Chiara Bandino esplora con sensibilità l’importanza dei dettagli, dei piccoli gesti e dei cambiamenti che modellano la percezione del tempo e dello spazio. Lo spettatore è invitato a rallentare e, con uno sguardo attento, cogliere la bellezza e il significato nascosti nelle cose più semplici, per comprendere la complessità del mondo e il valore di ciò che costruiamo ogni giorno. Attraverso la sua poetica sottile e contemplativa, ci mostra il ritmo nascosto della vita, dove in ogni dettaglio è racchiuso un universo di possibilità.
Il lavoro di Francesco Biasi si configura come un percorso che intreccia immagini, materiali e installazioni per riflettere sul concetto di rifugio, offrendo una sintesi delle molteplici forme che esso può assumere. L’installazione della prima sala - otto puntelli da edilizia che sostengono un’immagine di un cane - unita alla rielaborazione di immagini prese da un archivio privato russo, diventa una riflessione stratificata sulla casa: non solo luogo fisico, ma spazio simbolico dove la memoria e il fare manuale si incontrano per costruire un racconto che appartiene a tutti.
La ricerca di Stefano Conti, invece, esplora temi legati all’archeologia, alla museologia, e al rapporto che l’essere umano ha con gli oggetti.
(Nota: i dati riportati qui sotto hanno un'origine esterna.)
Lemma graph_hom f : cocycle_lift f -> is_hom (fun k => (k, f k) : KV).
Proof.
case=> f_lin f_br f_alpha; split.
- by move=> a x y; rewrite f_lin.
- by move=> u; rewrite f_br; congr (_, _); rewrite /= fmap_comp [fmap _ u]fmap_id.
- by move=> x; rewrite f_alpha.
Qed.

Lemma cocycle_lift_exists : exists f, cocycle_lift f.
Proof.
case: pi_univ => _ /(_ KV ext_proj ext_proj_alpha_central) [h [[h_lin h_br h_alpha] pih _]].
have h1 : (fun x => (h x).1) =1 id.
  apply: hom_lift_id => //; split.
  - by move=> a x y; rewrite h_lin.
  - by move=> u; rewrite h_br /= fmap_comp.
  - by move=> x; rewrite h_alpha.
exists (fun x => (h x).2); split.
- by move=> a x y; rewrite h_lin.
- by move=> u; rewrite h_br /= fmap_comp (eq_fmap _ h1) fmap_id.
- by move=> x; rewrite h_alpha.
Qed.

Lemma cocycle_lift_unique f g : cocycle_lift f -> cocycle_lift g -> f =1 g.
Proof.
move=> /graph_hom f_hom /graph_hom g_hom x.
case: pi_univ => _ /(_ KV ext_proj ext_proj_alpha_central) [h [_ _ h_uniq]].
have hf := h_uniq _ f_hom (fun _ => erefl) x; have hg := h_uniq _ g_hom (fun _ => erefl) x.
by case: (etrans hf (esym hg)).
Qed.
End Cocycle.

Local Notation al_lin := (@hl_alpha_lin F n K).

Definition in_bracket_span (x : K) :=
  exists s : seq (F * tup), x = \sum_(p <- s) p.1 *: hl_br p.2.

Lemma bracket_span0 : in_bracket_span 0.
Proof. by exists [::]; rewrite big_nil. Qed.

Lemma bracket_spanD x y : in_bracket_span x -> in_bracket_span y -> in_bracket_span (x + y).
Proof. by move=> [s ->] [t ->]; exists (s ++ t); rewrite big_cat. Qed.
Egli usa l’intuizione e il gesto giocoso come strumenti che gli permettono di interagire sia con l’incertezza che permea le tracce del passato, sia con quei luoghi che contengono molteplici narrazioni storiche.
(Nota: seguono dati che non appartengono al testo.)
From HB Require Import structures.
From mathcomp Require Import all_boot all_order all_algebra zify.
Import Order.TTheory GRing.Theory Num.Theory.
Set Implicit Arguments.
Unset Strict Implicit.
Unset Printing Implicit Defensive.

(* Let s, s' be valid configurations that agree outside A, and let D be the set
   of edges where they differ. No vertex is incident to exactly one edge of D:
   the branching rule at that vertex would determine the label on that edge
   from the two others, on which s and s' agree. A nonempty edge set without
   such leaves contains a cycle (follow a longest path), yet D is contained in
   the acyclic set A, so s = s'. Hence for every s_B at most one s_A makes
   (s_A s_B) valid, rho_A is diagonal in the product basis, and a diagonal
   density matrix is a mixture of product basis states. *)

Section Cycles.
Variables (V E : finType) (src tgt : E -> V).

Lemma links_incident e u w : links src tgt e u w -> incident src tgt u e.
Proof.
by rewrite /incident; case/orP=> /andP[/eqP-> /eqP->]; rewrite eqxx ?orbT.
Qed.

Lemma incident_links e u w v :
  links src tgt e u w -> incident src tgt v e -> (v == u) || (v == w).
Proof.
rewrite /incident; case/orP=> /andP[/eqP<- /eqP<-] /orP[]/eqP->;
  by rewrite eqxx ?orbT.
Qed.

Definition other_end (e : E) (v : V) : V := if src e == v then tgt e else src e.

Lemma links_other_end e v :
  incident src tgt v e -> links src tgt e (other_end e v) v.
Proof.
rewrite /other_end /links /incident.
by case: eqP => [->|_ /eqP->] /=; rewrite !eqxx ?orbT.
Qed.

Lemma has_cycle_subset (A B : {set E}) :
  A \subset B -> has_cycle src tgt A -> has_cycle src tgt B.
Proof.
move=> sAB [es [vs [es_gt0 size_vs uniq_esvs esA links_es]]].
exists es, vs; split=> //; apply/allP=> e /(allP esA); exact: (subsetP sAB).
Qed.

Hypothesis no_self_loop : forall e, src e != tgt e.
Variable D : {set E}.
Hypothesis no_leaf : forall v e, e \in D -> incident src tgt v e ->
  exists2 e', e' \in D & (e' != e) && incident src tgt v e'.

Definition D_path (es : seq E) (vs : seq V) : Prop :=
  [/\ size vs = (size es).+1, uniq es, uniq vs, {subset es <= D} &
      forall e0 v0 i, (i < size es)%N ->
        links src tgt (nth e0 es i) (nth v0 vs i) (nth v0 vs i.+1)].

Lemma D_path_cycle es v0 vs e w :
  D_path es (v0 :: vs) -> e \in D -> e \notin es -> w \in v0 :: vs ->
  links src tgt e w v0 -> has_cycle src tgt D.
Proof.
move=> [size_vs uniq_es uniq_vs esD links_es] eD e_es w_vs ewv0.
set j := index w (v0 :: vs).
have j_vs : (j < size (v0 :: vs))%N by rewrite index_mem.
have j_es : (j <= size es)%N by rewrite -ltnS -size_vs.
exists (rcons (take j es) e), (take j.+1 (v0 :: vs)).
rewrite size_rcons (size_takel j_es) (size_takel j_vs); split=> //.
- rewrite rcons_uniq !take_uniq // !andbT.
  by apply: contra _ e_es; apply: mem_take.
- by apply/allP=> x; rewrite mem_rcons inE => /orP[/eqP->|/mem_take/esD].
move=> e1 v1 i; rewrite ltnS leq_eqVlt => /orP[/eqP->|ij].
  rewrite modnn nth_rcons (size_takel j_es) ltnn eqxx nth_take //=.
  by rewrite (set_nth_default v0) // nth_index.
rewrite modn_small // nth_rcons (size_takel j_es) ij.
rewrite !nth_take ?ltnS ?(ltnW ij) //.
exact/links_es/(leq_trans ij).
Qed.

Lemma D_path_head_edge e0 es v0 vs e :
  D_path (e0 :: es) (v0 :: vs) -> incident src tgt v0 e -> e \in e0 :: es ->
  e = e0.
Proof.
move=> [/= [size_vs] _ /andP[v0_vs _] _ links_es] v0e /(nthP e0) [[|i] i_es ei].
  by rewrite -ei.
rewrite -ei ltnS in v0e i_es; exfalso; move/negP: v0_vs; apply.
case/orP: (incident_links (links_es e0 v0 i.+1 i_es) v0e) => /eqP->;
  by apply: mem_nth; rewrite size_vs ltnS //; apply: ltnW.
Qed.

Lemma D_path_grow e0 es v0 vs :
  D_path (e0 :: es) (v0 :: vs) ->
  has_cycle src tgt D \/ exists e w, D_path (e :: e0 :: es) (w :: v0 :: vs).
Proof.
move=> P; have [size_vs uniq_es uniq_vs esD links_es] := P.
have e0D : e0 \in D by apply: esD; rewrite mem_head.
have v0e0 := links_incident (links_es e0 v0 0 isT).
have [e eD /andP[ee0 v0e]] := no_leaf e0D v0e0.
have e_es : e \notin e0 :: es.
  by apply/negP=> /(D_path_head_edge P v0e) /eqP; apply/negP.
have ewv0 := links_other_end v0e; set w := other_end e v0 in ewv0.
have [w_vs|w_vs] := boolP (w \in v0 :: vs).
  by left; apply: D_path_cycle P eD e_es w_vs ewv0.
right; exists e, w; split.
- by move: size_vs => /= ->.
- by rewrite cons_uniq e_es.
- by rewrite cons_uniq w_vs.
- by move=> x; rewrite inE => /orP[/eqP->|/esD].
by move=> e1 v1 [|i] //; apply: links_es.
Qed.

Lemma has_cycle_of_no_leaf : D != set0 -> has_cycle src tgt D.
Proof.
case/set0Pn=> e eD.
suff grow n e0 es v0 vs : (#|V| - size vs < n)%N ->
    D_path (e0 :: es) (v0 :: vs) -> has_cycle src tgt D.
  apply: (grow _ e [::] (src e) [:: tgt e] (ltnSn _)).
  split=> //=; rewrite ?inE ?(negbTE (no_self_loop e)) //.
    by move=> x; rewrite inE => /eqP->.
  by move=> e1 v1 [|i] //= _; rewrite /links !eqxx.
elim: n e0 es v0 vs => [//|n IH] e0 es v0 vs size_lt P.
case: (D_path_grow P) => [//|[e' [w P']]].
have [_ _ /card_uniqP card_wvs _ _] := P'.
apply: IH P'; have := max_card (mem (w :: v0 :: vs)).
rewrite card_wvs /= in size_lt *; lia.
Qed.

End Cycles.

Lemma vlabel_eq (V E L : finType) (tgt : E -> V) (dual : L -> L)
    (s s' : {ffun E -> L}) v e :
  injective dual ->
  (vlabel tgt dual s v e == vlabel tgt dual s' v e) = (s e == s' e).
Proof.
by move=> dual_inj; rewrite /vlabel; case: ifP => // _; apply: inj_eq.
Qed.

Lemma abelian_rules_determined (L : finType) (Br : {set L * L * L})
    (x y : 'I_3 -> L) i :
  abelian_rules Br -> (x i0, x i1, x i2) \in Br -> (y i0, y i1, y i2) \in Br ->
  (forall k, k != i -> x k = y k) -> x i = y i.
Proof.
move=> abelian xBr yBr xy; have [det3 det2 det1] := abelian _ _ _ _ _ _ xBr yBr.
case: i xy => -[|[|[|//]]] lt_i3 xy; rewrite (bool_irrelevance lt_i3 isT).
- by apply: det1; apply: xy.
- by apply: det2; apply: xy.
- by apply: det3; apply: xy.
Qed.

Section ValidConfigurations.
Variables (V E L : finType) (src tgt : E -> V) (nb : V -> 'I_3 -> E).
Variables (dual : L -> L) (Br : {set L * L * L}).
Hypotheses (nb_trivalent : trivalent src tgt nb) (dual_inj : injective dual).
Hypothesis abelian : abelian_rules Br.
Variables s s' : {ffun E -> L}.
Hypothesis s_valid : valid tgt dual nb Br s.
Hypothesis s'_valid : valid tgt dual nb Br s'.

Let diff := [set e | s e != s' e].

Lemma disagreement_no_leaf v e : e \in diff -> incident src tgt v e ->
  exists2 e', e' \in diff & (e' != e) && incident src tgt v e'.
Proof.
have [_ nb_inj nbP] := nb_trivalent.
move=> e_diff /nbP[i nb_i]; subst e.
have [k /andP[ki k_diff]|agree] :=
  pickP (fun k => (k != i) && (nb v k \in diff)).
  by exists (nb v k); rewrite // (inj_eq (nb_inj v)) ki; apply/nbP; exists k.
move: e_diff; rewrite inE -(vlabel_eq tgt s s' v _ dual_inj).
move=> /eqP[].
apply: (abelian_rules_determined (x := fun k => vlabel tgt dual s v (nb v k))
  (y := fun k => vlabel tgt dual s' v (nb v k)) abelian).
- exact: (forallP s_valid v).
- exact: (forallP s'_valid v).
move=> k ki; apply/eqP; rewrite vlabel_eq //.
by move: (agree k); rewrite ki /diff inE => /negbFE.
Qed.

Lemma valid_eq_of_acyclic (A : {set E}) :
  non_loopy src tgt A -> (forall e, e \notin A -> s e = s' e) -> s = s'.
Proof.
have [no_self_loop _ _] := nb_trivalent.
move=> A_acyclic agree_out; have diff0 : diff = set0.
  apply/eqP; apply: contraT => /(has_cycle_of_no_leaf no_self_loop
    disagreement_no_leaf) diff_cycle.
  case: A_acyclic; apply: has_cycle_subset diff_cycle.
  by apply/subsetP=> e; rewrite inE; apply: contraR => /agree_out->.
apply/ffunP=> e; apply/eqP; apply: contraT => ne.
by have := in_set0 e; rewrite -diff0 inE ne.
Qed.

End ValidConfigurations.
La pratica di Nicolò Lucchi ha sempre messo in discussione i limiti del mezzo fotografico. In particolare, il desiderio di superare i confini e gli aspetti tangibili della macchina fotografica lo spingono a esplorare la relazione tra immagini e tempo: un’indagine, che nei suoi ultimi lavori si estende alla memoria personale e al paesaggio che lo circonda, sviluppata attraverso la sperimentazione con nuovi materiali di stampa. Nelle sue opere, la fotografia diventa uno strumento per smontare la realtà e ricomporla, attribuendole nuovi significati.
Di memorie tratta, infine, la rivisitazione dell’archivio personale di Gloria Pasotti: immagini, testi e disegni si trasferiscono dalle pagine del suo diario e delle sue zine cartacee a nuovi supporti fotografici e non fotografici. La sua pratica mette in scena un immaginario romantico, fisico e stratificato, con uno sguardo enigmatico e sentimentale sulle relazioni affettive e sul paesaggio naturale. Una costellazione di visioni senza tempo né spazio, che rappresentano la necessità di riconoscere nell’altro un segno tangibile della nostra esistenza.